Data la grande semplicità di fruizione del paradigma di visualizzazione dello

scrollytelling, ma la sua perlopiù complessa implementazione tecnica, si è scelto di

realizzare un prodotto che permettesse di facilitare i creatori di contenuti web nella realizzazione di questi prodotti, rendendo il lavoro progettuale il più fluido possibile.

Come prima istanza di questo lavoro, al Capitolo 2 (Raccontare online: la narrazione

in rete ed il coinvolgimento degli utenti), vengono spiegate il contesto e le motivazioni

che hanno portato ad una sempre maggior presenza di prodotti di digital storytelling online, focalizzandosi in ultimo su quella che è la metodologia visuale dello

scrollytelling e fornendo una prima anticipazione delle sue caratteristiche prettamente

visive e coinvolgenti. Successivamente, nel Capitolo 3 (Anatomia tecnica dello

scrollytelling), vengono approfondite quelle che sono le caratteristiche tecniche del

paradigma di visualizzazione in questione, riportando indicazioni di esperti del settore della programmazione web, oltre che la presentazione di alcuni prodotti definibili di

scrollytelling, arrivando ad una teorizzazione di linee guida per la standardizzazione

di questi prodotti, ad oggi scorrelati tra di loro.

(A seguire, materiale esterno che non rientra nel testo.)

(* For any positive integer $n$, \[ \sum_{\sum_i i y_{k,i}=n}\binom{\sum_i y_{k,i}}{y_{k,1},\ldots,y_{k,n}}(-1)^{\sum_i y_{k,i}}\prod_{i=1}^{n}\left[\binom{n}{i}\right]^{y_{k,i}}=(-1)^n\binom{2n-1}{n-1}. \]
   Context: The sum runs over all partitions of $n$, each represented as a tuple $(y_{k,1},\ldots,y_{k,n})$ of non-negative integers with $\sum_{i=1}^n i\,y_{k,i}=n$; sums $\sum_i$ run over $i=1,\ldots,n$. $\binom{N}{a_1,\ldots,a_n}=\frac{N!}{a_1!\cdots a_n!}$ is the multinomial coefficient. *)

From mathcomp Require Import all_boot all_order all_algebra.
Set Implicit Arguments. Unset Strict Implicit. Unset Printing Implicit Defensive.
Import GRing.Theory Num.Theory.

Definition multinom (n : nat) (a : 'I_n -> nat) : nat :=
  (\sum_(i < n) a i)`! %/ \prod_(i < n) (a i)`!.

(* A partition of n encoded by its multiplicities: y i is the multiplicity of
   the part (i+1), for i : 'I_n.  Since each multiplicity is at most n, we
   range over y : {ffun 'I_n -> 'I_n.+1}. *)
Definition is_partition (n : nat) (y : {ffun 'I_n -> 'I_n.+1}) : bool :=
  \sum_(i < n) i.+1 * y i == n.

From mathcomp Require Import all_boot all_order all_algebra.
From mathcomp Require Import zify.
Import GRing.Theory.
Set Implicit Arguments. Unset Strict Implicit.

(* Summing [multinom y * \prod_i b_i ^+ y_i] over the partitions y of m gives
   the coefficient c_m of x^m in 1 / (1 - \sum_i b_i x^i).  For b_i = -C(n, i)
   this series is (1 + x)^-n, whose coefficients are (-1)^m C(n + m - 1, m).
   Rather than working with power series we compare recurrences: Pascal's rule
   for multinomials (remove one part) gives c_m = \sum_(1 <= i <= m) b_i c_(m-i),
   and (1 + x)^n (1 + x)^-n = 1 says that (-1)^m C(n + m - 1, m) satisfies the
   same recurrence. *)

Lemma prod_fact_dvdn n (a : 'I_n -> nat) :
  \prod_(i < n) (a i)`! %| (\sum_(i < n) a i)`!.
Proof.
elim: n a => [|n IHn] a; first by rewrite !big_ord0.
rewrite !big_ord_recr /=; set s := (\sum_(i < n) _)%N.
have := bin_fact (leq_addl s (a ord_max)); rewrite addnK => <-.
by rewrite mulnC [X in _ %| X]mulnCA dvdn_mul // dvdn_mull.
Qed.

Lemma multinom_fact n (a : 'I_n -> nat) :
  multinom a * \prod_(i < n) (a i)`! = (\sum_(i < n) a i)`!.
Proof. by rewrite divnK // prod_fact_dvdn. Qed.

Lemma eq_multinom n (a a' : 'I_n -> nat) : a =1 a' -> multinom a = multinom a'.
Proof.
move=> eq_a; rewrite /multinom (eq_bigr _ (fun i _ => eq_a i)).
by rewrite (eq_bigr _ (fun i _ => congr1 factorial (eq_a i))).
Qed.

Section Decrement.
Variables (n : nat) (i : 'I_n).

Definition decr (a : 'I_n -> nat) (j : 'I_n) : nat := a j - (j == i).

Variables (a : 'I_n -> nat) (a_i_gt0 : 0 < a i).

Lemma big_decr (R : Type) (idx : R) (op : Monoid.com_law idx)
    (F : 'I_n -> nat -> R) :
  \big[op/idx]_(j < n) F j (decr a j) =
  op (F i (a i).-1) (\big[op/idx]_(j < n | j != i) F j (a j)).
Proof.
rewrite (bigD1 i) //= /decr eqxx subn1; congr (op _ _).
by apply: eq_bigr => j /negbTE ->; rewrite subn0.
Qed.

Lemma sum_decr : \sum_(j < n) decr a j = (\sum_(j < n) a j).-1.
Proof.
by rewrite (big_decr _ (fun _ x => x)) [in RHS](bigD1 i) //=; case: (a i) a_i_gt0.
Qed.

Lemma prod_fact_decr :
  \prod_(j < n) (a j)`! = a i * \prod_(j < n) (decr a j)`!.
Proof.
rewrite (big_decr _ (fun _ x => x`!)) [in LHS](bigD1 i) //= mulnA.
by case: (a i) a_i_gt0.
Qed.

End Decrement.

Lemma multinom_rec n (a : 'I_n -> nat) : 0 < \sum_(i < n) a i ->
  multinom a = \sum_(i < n | 0 < a i) multinom (decr i a).
Proof.
move=> sum_gt0.
have prod_gt0 : 0 < \prod_(j < n) (a j)`!.
  by rewrite prodn_gt0 // => j; rewrite fact_gt0.
apply/eqP; rewrite -(eqn_pmul2r prod_gt0); apply/eqP.
rewrite multinom_fact big_distrl /=.
rewrite [RHS](eq_bigr (fun i => a i * (\sum_(j < n) a j).-1`!)) => [|i a_i_gt0].
  rewrite -big_distrl /= [X in _ = X * _]big_rmcond => [|i].
    by case: (\sum_(i < n) a i) sum_gt0.
  by rewrite -eqn0Ngt => /eqP.
by rewrite (prod_fact_decr a_i_gt0) mulnCA multinom_fact sum_decr.
Qed.

Local Open Scope ring_scope.

Section NegativeBinomial.
Variable R : pzRingType.

(* The coefficient of x^m in (1 + x)^-k. *)
Definition negbin (k m : nat) : R := (-1) ^+ m * 'C((k + m).-1, m)%:R.

Lemma negbin0 k : negbin k 0 = 1.
Proof. by rewrite /negbin expr0 mul1r bin0. Qed.

Lemma negbinS k m : negbin k m.+1 = negbin k.+1 m.+1 + negbin k.+1 m.
Proof.
rewrite /negbin !addSn addnS /= binS natrD mulrDr exprS mulN1r !mulNr.
by rewrite addrNK.
Qed.

Lemma sum_bin_negbin k m :
  \sum_(j < m.+1) 'C(k, j)%:R * negbin k (m - j) = (m == 0)%:R.
Proof.
elim: k m => [|k IHk] m.
  rewrite big_ord_recl big1 => [|j _]; last by rewrite bin0n mul0r.
  rewrite addr0 mul1r subn0 /negbin add0n.
  by case: m => [|m]; rewrite ?bin0 ?mulr1 // bin_small // mulr0.
rewrite -(IHk m); case: m => [|m]; first by rewrite !big_ord1 !bin0 !negbin0.
have -> : \sum_(j < m.+2) 'C(k.+1, j)%:R * negbin k.+1 (m.+1 - j) =
    \sum_(j < m.+2) 'C(k, j)%:R * negbin k.+1 (m.+1 - j)
    + \sum_(j < m.+1) 'C(k, j)%:R * negbin k.+1 (m - j) :> R.
  rewrite big_ord_recl [in RHS]big_ord_recl !bin0 subn0 -addrA; congr (_ + _).
  rewrite -big_split; apply: eq_bigr => j _.
  by rewrite lift0 binS natrD mulrDl subSS.
rewrite big_ord_recr [RHS]big_ord_recr /= subnn !negbin0 addrAC; congr (_ + _).
rewrite -big_split; apply: eq_bigr => j _ /=.
rewrite subSn; last by rewrite -ltnS.
by rewrite (negbinS k) mulrDr.
Qed.

Lemma negbin_rec k m : (0 < m)%N ->
  negbin k m = - \sum_(i < m) 'C(k, i.+1)%:R * negbin k (m - i.+1).
Proof.
case: m => // m _; apply/eqP; rewrite -addr_eq0.
by have := sum_bin_negbin k m.+1; rewrite big_ord_recl bin0 mul1r subn0 => ->.
Qed.

End NegativeBinomial.

Section PartitionSum.
Variables (R : comPzRingType) (n : nat) (b : nat -> R).
Implicit Types (y : {ffun 'I_n -> 'I_n.+1}) (i : 'I_n).

Definition weight y : nat := (\sum_(i < n) i.+1 * y i)%N.

(* [b i] is the factor contributed by a part of size [i.+1]. *)
Definition partition_term y : R :=
  (multinom (fun i => nat_of_ord (y i)))%:R * \prod_(i < n) b i ^+ y i.

Definition partition_sum (m : nat) : R :=
  \sum_(y : {ffun 'I_n -> 'I_n.+1} | weight y == m) partition_term y.

Definition dec i y : {ffun 'I_n -> 'I_n.+1} :=
  [ffun j => inord (decr i (fun j => nat_of_ord (y j)) j)].

(* [inord] wraps around when [y i = n], whence the bound in [dec_inc]. *)
Definition inc i y : {ffun 'I_n -> 'I_n.+1} :=
  [ffun j => inord (y j + (j == i))].

Lemma dec_val i y j : dec i y j = decr i (fun j => nat_of_ord (y j)) j :> nat.
Proof. by rewrite ffunE inordK // ltnS (leq_trans (leq_subr _ _)) // -ltnS. Qed.

Lemma leq_mul_weight i y : (i.+1 * y i <= weight y)%N.
Proof. by rewrite /weight (bigD1 i) //= leq_addr. Qed.

Lemma weight_dec i y : (0 < y i)%N -> weight (dec i y) = (weight y - i.+1)%N.
Proof.
move=> y_i_gt0; rewrite /weight.
rewrite (eq_bigr _ (fun (j : 'I_n) _ => congr1 (muln j.+1) (dec_val i y j))).
rewrite (big_decr _ _ _ (fun j x => j.+1 * x)%N) [in RHS](bigD1 i) //=.
by case: (nat_of_ord (y i)) y_i_gt0 => // k _; rewrite mulnS -addnA addKn.
Qed.

Lemma weight_eq0 y : (weight y == 0)%N = (\sum_(i < n) y i == 0)%N.
Proof.
by rewrite /weight !sum_nat_eq0; apply: eq_forallb => j; rewrite muln_eq0.
Qed.

Lemma index_lt_weight i y : (0 < y i)%N -> (i < weight y)%N.
Proof.
by move=> y_i_gt0; rewrite (leq_trans _ (leq_mul_weight i y)) // leq_pmulr.
Qed.

Lemma partition_term_rec y : (0 < weight y)%N ->
  partition_term y = \sum_(i < n | (0 < y i)%N) b i * partition_term (dec i y).
Proof.
rewrite lt0n weight_eq0 -lt0n => sum_gt0.
rewrite /partition_term multinom_rec // natr_sum big_distrl /=.
apply: eq_bigr => i y_i_gt0; rewrite mulrCA; congr (_%:R * _).
  by apply: eq_multinom => j; rewrite dec_val.
rewrite (eq_bigr _ (fun (j : 'I_n) _ => congr1 (GRing.exp (b j)) (dec_val i y j))).
rewrite (big_decr _ _ _ (fun j x => b j ^+ x)) [in LHS](bigD1 i) //= mulrA -exprS.
by case: (nat_of_ord (y i)) y_i_gt0.
Qed.

Lemma inc_dec i y : (0 < y i)%N -> inc i (dec i y) = y.
Proof.
move=> y_i_gt0; apply/ffunP => j; apply: ord_inj; rewrite ffunE dec_val /decr /=.
by case: eqP => [->|_]; rewrite /= ?subn0 ?addn0 ?subnK // inordK.
Qed.

Lemma dec_inc i y : (y i < n)%N -> dec i (inc i y) = y.
Proof.
move=> y_i_lt; apply/ffunP => j; apply: ord_inj; rewrite dec_val /decr ffunE /=.
case: eqP => [->|_]; last by rewrite addn0 subn0 inordK.
by rewrite inordK ?addnK // addn1.
Qed.

Lemma inc_dec_eq0 i y : y i = 0 :> nat -> inc i (dec i y) != y.
Proof.
move=> y_i0; apply/eqP => /ffunP/(_ i)/(congr1 (@nat_of_ord _)).
rewrite ffunE dec_val /decr eqxx y_i0 inordK //.
exact: leq_ltn_trans (leq0n i) (ltn_ord i).
Qed.

Lemma sum_partition_term_dec i m : (i < m <= n)%N ->
  \sum_(y | (weight y == m) && (0 < y i)%N) partition_term (dec i y) =
  partition_sum (m - i.+1).
Proof.
case/andP=> lt_im le_mn.
rewrite /partition_sum [RHS](reindex_onto (dec i) (inc i)) => [|z /eqP weight_z].
  apply: eq_bigl => y; case: (posnP (y i)) => [y_i0 | y_i_gt0].
    by rewrite (negbTE (inc_dec_eq0 y_i0)) !andbF.
  by rewrite inc_dec // eqxx weight_dec // eqn_sub2rE ?index_lt_weight ?andbT.
apply: dec_inc; have le_z_mul : (z i <= i.+1 * z i)%N by rewrite leq_pmull.
by have := leq_mul_weight i z; rewrite weight_z; lia.
Qed.

Lemma partition_sum0 : partition_sum 0 = 1.
Proof.
rewrite /partition_sum (eq_bigl (pred1 [ffun=> ord0])) => [|y]; last first.
  rewrite weight_eq0 sum_nat_eq0 /=; apply/forallP/eqP => [y0 | ->].
    by apply/ffunP => i; rewrite ffunE; apply: ord_inj; apply/eqP; apply: y0.
  by move=> i; rewrite ffunE.
rewrite big_pred1_eq /partition_term /multinom !big1 ?mulr1 // => i _.
all: by rewrite ffunE ?expr0.
Qed.

Lemma partition_sum_dec m : (0 < m)%N ->
  partition_sum m = \sum_(i < n)
    b i * \sum_(y | (weight y == m) && (0 < y i)%N) partition_term (dec i y).
Proof.
move=> m_gt0; rewrite /partition_sum (eq_bigr (fun y =>
  \sum_(i < n | (0 < y i)%N) b i * partition_term (dec i y))) => [|y /eqP weight_y].
  under eq_bigr do rewrite big_mkcond; rewrite exchange_big /=.
  by apply: eq_bigr => i _; rewrite big_distrr -big_mkcondr.
by apply: partition_term_rec; rewrite weight_y.
Qed.

Lemma partition_sum_rec m : (0 < m <= n)%N ->
  partition_sum m = \sum_(i < m) b i * partition_sum (m - i.+1).
Proof.
case/andP=> m_gt0 le_mn; rewrite partition_sum_dec //.
rewrite (big_ord_widen n (fun k => b k * partition_sum (m - k.+1))) //.
rewrite [RHS]big_mkcond; apply: eq_bigr => i _ /=; case: ltnP => [lt_im | le_mi].
  by rewrite sum_partition_term_dec // lt_im.
rewrite big_pred0 ?mulr0 // => y; apply/negbTE/andP => -[/eqP weight_y].
by move/index_lt_weight; rewrite weight_y ltnNge le_mi.
Qed.

End PartitionSum.

Lemma partition_sum_negbin (R : comPzRingType) n m : (m <= n)%N ->
  partition_sum n (fun i => - 'C(n, i.+1)%:R : R) m = negbin R n m.
Proof.
elim/ltn_ind: m => m IHm le_mn.
have [->|m_gt0] := posnP m; first by rewrite partition_sum0 negbin0.
rewrite partition_sum_rec ?m_gt0 // (negbin_rec _ _ m_gt0) -sumrN.
apply: eq_bigr => i _; rewrite mulNr IHm // ?ltn_subrL ?m_gt0 //.
exact: leq_trans (leq_subr _ _) le_mn.
Qed.

Unset Implicit Arguments.

Theorem corollary4p1 (n : nat) (hn : (0 < n)%N) :
  \sum_(y : {ffun 'I_n -> 'I_n.+1} | is_partition y)
     ((multinom (fun i => nat_of_ord (y i)))%:R
      * (-1) ^+ (\sum_(i < n) nat_of_ord (y i))%N
      * \prod_(i < n) ('C(n, i.+1))%:R ^+ nat_of_ord (y i) : int)
  = (-1) ^+ n * ('C(2 * n - 1, n - 1))%:R.
Proof.
have -> : 'C(2 * n - 1, n - 1) = 'C((n + n).-1, n).
  by rewrite -bin_sub; [congr binomial | ]; lia.
rewrite -[RHS]/(negbin int n n) -(partition_sum_negbin _ (leqnn n)).
apply: eq_bigr => y _.
rewrite /partition_term -mulrA expr_sum -big_split /=; congr (_ * _).
by apply: eq_bigr => i _; rewrite -exprMn mulN1r.
Qed.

Il Capitolo 4 (ScrollAStory.js) è dedicato alla presentazione del prodotto realizzato in seno a questo progetto di tesi: una libreria JavaScript class-based che permette al suo utente, idealmente un creatore di contenuti, di realizzare siti di scrollytelling rispettando delle gerarchie di elementi HTML aventi delle classi predefinite, in base alla tipologia di componente animato che si intende realizzare.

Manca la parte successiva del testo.